-------- Given records

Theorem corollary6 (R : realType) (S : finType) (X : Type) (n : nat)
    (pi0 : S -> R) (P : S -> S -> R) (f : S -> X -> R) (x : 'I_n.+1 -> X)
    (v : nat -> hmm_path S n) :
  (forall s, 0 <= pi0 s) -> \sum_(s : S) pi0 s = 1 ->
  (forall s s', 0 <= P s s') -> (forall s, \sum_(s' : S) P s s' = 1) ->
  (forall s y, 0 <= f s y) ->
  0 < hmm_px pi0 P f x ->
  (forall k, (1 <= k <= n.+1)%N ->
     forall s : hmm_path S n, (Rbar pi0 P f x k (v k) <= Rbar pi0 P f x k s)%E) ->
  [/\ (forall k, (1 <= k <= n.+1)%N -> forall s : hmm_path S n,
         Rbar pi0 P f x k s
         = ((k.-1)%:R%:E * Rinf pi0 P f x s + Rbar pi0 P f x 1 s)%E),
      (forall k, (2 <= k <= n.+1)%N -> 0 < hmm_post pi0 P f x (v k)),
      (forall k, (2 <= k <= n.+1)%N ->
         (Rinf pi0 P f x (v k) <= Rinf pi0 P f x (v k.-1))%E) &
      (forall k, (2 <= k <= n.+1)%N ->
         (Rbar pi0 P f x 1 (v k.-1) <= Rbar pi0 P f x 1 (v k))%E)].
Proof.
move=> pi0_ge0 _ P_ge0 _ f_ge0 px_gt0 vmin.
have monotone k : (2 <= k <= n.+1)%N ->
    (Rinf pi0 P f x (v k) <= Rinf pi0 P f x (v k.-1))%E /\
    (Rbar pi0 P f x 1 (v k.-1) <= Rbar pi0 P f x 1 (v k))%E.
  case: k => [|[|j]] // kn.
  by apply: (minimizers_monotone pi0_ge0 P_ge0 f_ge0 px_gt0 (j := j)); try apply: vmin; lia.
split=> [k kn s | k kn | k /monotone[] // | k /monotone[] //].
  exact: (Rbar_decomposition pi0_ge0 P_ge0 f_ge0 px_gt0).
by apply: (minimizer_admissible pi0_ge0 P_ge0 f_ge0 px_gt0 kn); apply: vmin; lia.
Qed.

----------------

**Work order**
Would you retype exactly the lines above, from the line with "(forall s s', 0" to the line with "((k.-1)%:R%:E * Rinf", with both end lines kept and nothing more?

**Response area**
  (forall s s', 0 <= P s s') -> (forall s, \sum_(s' : S) P s s' = 1) ->
  (forall s y, 0 <= f s y) ->
  0 < hmm_px pi0 P f x ->
  (forall k, (1 <= k <= n.+1)%N ->
     forall s : hmm_path S n, (Rbar pi0 P f x k (v k) <= Rbar pi0 P f x k s)%E) ->
  [/\ (forall k, (1 <= k <= n.+1)%N -> forall s : hmm_path S n,
         Rbar pi0 P f x k s
         = ((k.-1)%:R%:E * Rinf pi0 P f x s + Rbar pi0 P f x 1 s)%E),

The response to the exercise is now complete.